DATASET EXTRACT:
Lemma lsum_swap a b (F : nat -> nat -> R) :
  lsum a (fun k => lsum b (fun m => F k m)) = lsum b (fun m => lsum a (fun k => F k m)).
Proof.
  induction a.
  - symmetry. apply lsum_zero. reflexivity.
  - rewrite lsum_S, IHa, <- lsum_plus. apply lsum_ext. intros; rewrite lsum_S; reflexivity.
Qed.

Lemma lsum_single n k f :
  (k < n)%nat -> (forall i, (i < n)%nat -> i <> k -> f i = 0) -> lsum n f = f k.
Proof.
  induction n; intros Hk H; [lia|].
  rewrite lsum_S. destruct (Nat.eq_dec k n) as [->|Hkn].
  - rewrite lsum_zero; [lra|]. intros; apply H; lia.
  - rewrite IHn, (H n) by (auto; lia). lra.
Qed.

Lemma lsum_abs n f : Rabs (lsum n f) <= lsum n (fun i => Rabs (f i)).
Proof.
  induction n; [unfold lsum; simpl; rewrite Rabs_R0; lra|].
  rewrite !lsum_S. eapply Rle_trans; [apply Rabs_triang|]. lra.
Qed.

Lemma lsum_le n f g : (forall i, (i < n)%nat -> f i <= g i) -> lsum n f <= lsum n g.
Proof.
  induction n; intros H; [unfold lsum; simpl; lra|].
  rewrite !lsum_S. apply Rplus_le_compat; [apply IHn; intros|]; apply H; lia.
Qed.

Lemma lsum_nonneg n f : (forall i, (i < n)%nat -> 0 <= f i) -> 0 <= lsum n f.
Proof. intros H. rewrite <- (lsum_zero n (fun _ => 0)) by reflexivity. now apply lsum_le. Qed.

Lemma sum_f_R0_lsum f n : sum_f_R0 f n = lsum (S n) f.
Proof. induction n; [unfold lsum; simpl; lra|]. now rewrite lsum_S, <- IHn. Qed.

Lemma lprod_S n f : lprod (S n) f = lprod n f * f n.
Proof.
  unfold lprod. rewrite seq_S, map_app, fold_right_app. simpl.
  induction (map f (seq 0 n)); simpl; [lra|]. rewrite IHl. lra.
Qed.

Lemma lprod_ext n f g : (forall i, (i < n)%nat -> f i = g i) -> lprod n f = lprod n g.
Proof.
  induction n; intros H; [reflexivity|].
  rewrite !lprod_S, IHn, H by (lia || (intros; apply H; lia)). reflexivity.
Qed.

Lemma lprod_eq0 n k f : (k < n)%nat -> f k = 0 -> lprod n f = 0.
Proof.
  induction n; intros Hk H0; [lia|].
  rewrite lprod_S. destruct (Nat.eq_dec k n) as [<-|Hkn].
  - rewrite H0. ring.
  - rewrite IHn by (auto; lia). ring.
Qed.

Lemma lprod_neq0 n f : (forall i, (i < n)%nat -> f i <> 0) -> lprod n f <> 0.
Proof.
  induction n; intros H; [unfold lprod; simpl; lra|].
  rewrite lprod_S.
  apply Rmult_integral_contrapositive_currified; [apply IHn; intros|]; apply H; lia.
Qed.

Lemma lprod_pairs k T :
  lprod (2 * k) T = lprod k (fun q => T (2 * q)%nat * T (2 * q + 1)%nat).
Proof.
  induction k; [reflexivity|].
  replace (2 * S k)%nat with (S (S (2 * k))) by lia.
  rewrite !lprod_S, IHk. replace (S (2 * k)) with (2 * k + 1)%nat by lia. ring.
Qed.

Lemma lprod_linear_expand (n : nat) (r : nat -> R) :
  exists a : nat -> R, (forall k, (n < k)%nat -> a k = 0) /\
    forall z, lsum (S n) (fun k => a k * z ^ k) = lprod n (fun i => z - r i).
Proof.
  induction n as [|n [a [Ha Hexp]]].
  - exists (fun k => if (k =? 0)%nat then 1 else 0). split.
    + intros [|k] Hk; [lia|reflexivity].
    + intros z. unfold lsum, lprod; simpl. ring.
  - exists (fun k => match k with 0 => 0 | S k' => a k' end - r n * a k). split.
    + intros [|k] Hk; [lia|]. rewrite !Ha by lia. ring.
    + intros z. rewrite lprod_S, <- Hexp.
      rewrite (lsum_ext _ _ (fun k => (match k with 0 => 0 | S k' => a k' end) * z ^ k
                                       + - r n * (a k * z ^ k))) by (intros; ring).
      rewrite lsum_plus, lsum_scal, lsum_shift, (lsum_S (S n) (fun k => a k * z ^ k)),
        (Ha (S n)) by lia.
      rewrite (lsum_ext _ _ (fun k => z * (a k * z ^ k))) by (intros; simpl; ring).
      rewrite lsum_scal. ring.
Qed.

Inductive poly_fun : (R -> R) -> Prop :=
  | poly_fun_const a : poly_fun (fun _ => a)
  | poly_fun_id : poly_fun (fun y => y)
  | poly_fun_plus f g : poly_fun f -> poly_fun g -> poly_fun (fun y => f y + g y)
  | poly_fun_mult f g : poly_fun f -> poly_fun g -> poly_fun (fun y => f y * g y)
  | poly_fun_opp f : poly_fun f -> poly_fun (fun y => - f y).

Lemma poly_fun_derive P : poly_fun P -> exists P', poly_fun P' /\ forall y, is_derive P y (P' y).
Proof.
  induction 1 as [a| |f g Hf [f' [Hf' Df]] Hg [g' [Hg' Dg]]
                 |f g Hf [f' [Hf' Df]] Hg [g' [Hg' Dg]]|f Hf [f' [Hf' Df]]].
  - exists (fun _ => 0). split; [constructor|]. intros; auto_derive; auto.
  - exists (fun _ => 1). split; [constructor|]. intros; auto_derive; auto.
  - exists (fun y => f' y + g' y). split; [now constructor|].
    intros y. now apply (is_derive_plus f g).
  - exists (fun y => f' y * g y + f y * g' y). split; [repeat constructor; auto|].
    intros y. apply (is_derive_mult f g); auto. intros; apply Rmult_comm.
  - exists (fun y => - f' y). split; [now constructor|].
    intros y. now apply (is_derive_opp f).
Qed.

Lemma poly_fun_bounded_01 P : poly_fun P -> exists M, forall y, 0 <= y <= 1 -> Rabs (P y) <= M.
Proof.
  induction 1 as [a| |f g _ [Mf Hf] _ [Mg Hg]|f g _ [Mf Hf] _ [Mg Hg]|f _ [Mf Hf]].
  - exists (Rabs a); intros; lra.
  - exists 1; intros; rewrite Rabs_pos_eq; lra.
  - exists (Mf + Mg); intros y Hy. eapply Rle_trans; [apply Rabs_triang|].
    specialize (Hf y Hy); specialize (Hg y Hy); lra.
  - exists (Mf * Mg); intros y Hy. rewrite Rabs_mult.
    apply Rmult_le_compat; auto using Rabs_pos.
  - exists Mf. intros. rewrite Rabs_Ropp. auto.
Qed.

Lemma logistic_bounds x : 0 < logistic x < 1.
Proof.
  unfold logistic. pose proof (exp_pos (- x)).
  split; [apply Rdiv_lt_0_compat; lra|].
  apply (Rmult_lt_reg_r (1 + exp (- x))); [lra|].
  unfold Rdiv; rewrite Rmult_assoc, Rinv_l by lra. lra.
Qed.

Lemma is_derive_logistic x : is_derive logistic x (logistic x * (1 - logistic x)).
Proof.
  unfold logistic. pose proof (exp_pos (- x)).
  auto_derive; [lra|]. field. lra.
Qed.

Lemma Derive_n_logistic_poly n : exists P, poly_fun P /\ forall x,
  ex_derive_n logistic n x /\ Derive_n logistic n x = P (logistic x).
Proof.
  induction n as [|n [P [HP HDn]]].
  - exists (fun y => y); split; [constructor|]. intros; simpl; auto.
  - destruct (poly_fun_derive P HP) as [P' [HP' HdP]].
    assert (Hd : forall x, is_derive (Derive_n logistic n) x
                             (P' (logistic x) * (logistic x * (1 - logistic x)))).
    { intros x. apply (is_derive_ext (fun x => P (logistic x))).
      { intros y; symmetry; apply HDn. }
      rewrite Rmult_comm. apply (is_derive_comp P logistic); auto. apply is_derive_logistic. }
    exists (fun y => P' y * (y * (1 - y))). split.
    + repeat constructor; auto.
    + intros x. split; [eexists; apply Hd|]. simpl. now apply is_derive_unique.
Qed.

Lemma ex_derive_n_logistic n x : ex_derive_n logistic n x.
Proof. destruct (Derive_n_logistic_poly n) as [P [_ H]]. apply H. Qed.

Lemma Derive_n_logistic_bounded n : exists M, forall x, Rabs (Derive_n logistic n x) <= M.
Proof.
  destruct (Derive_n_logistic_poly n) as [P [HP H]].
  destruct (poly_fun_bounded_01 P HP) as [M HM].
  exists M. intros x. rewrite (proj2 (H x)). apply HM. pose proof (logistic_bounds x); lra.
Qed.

EXERCISE DETAILS: Using the data above, extract exactly the lines from the one that holds "Lemma lsum_single n" to the one that holds "Lemma lprod_S n", both ends included, and no others.

ANSWER BOX:
Lemma lsum_single n k f :
  (k < n)%nat -> (forall i, (i < n)%nat -> i <> k -> f i = 0) -> lsum n f = f k.
Proof.
  induction n; intros Hk H; [lia|].
  rewrite lsum_S. destruct (Nat.eq_dec k n) as [->|Hkn].
  - rewrite lsum_zero; [lra|]. intros; apply H; lia.
  - rewrite IHn, (H n) by (auto; lia). lra.
Qed.

Lemma lsum_abs n f : Rabs (lsum n f) <= lsum n (fun i => Rabs (f i)).
Proof.
  induction n; [unfold lsum; simpl; rewrite Rabs_R0; lra|].
  rewrite !lsum_S. eapply Rle_trans; [apply Rabs_triang|]. lra.
Qed.

Lemma lsum_le n f g : (forall i, (i < n)%nat -> f i <= g i) -> lsum n f <= lsum n g.
Proof.
  induction n; intros H; [unfold lsum; simpl; lra|].
  rewrite !lsum_S. apply Rplus_le_compat; [apply IHn; intros|]; apply H; lia.
Qed.

Lemma lsum_nonneg n f : (forall i, (i < n)%nat -> 0 <= f i) -> 0 <= lsum n f.
Proof. intros H. rewrite <- (lsum_zero n (fun _ => 0)) by reflexivity. now apply lsum_le. Qed.

Lemma sum_f_R0_lsum f n : sum_f_R0 f n = lsum (S n) f.
Proof. induction n; [unfold lsum; simpl; lra|]. now rewrite lsum_S, <- IHn. Qed.

Lemma lprod_S n f : lprod (S n) f = lprod n f * f n.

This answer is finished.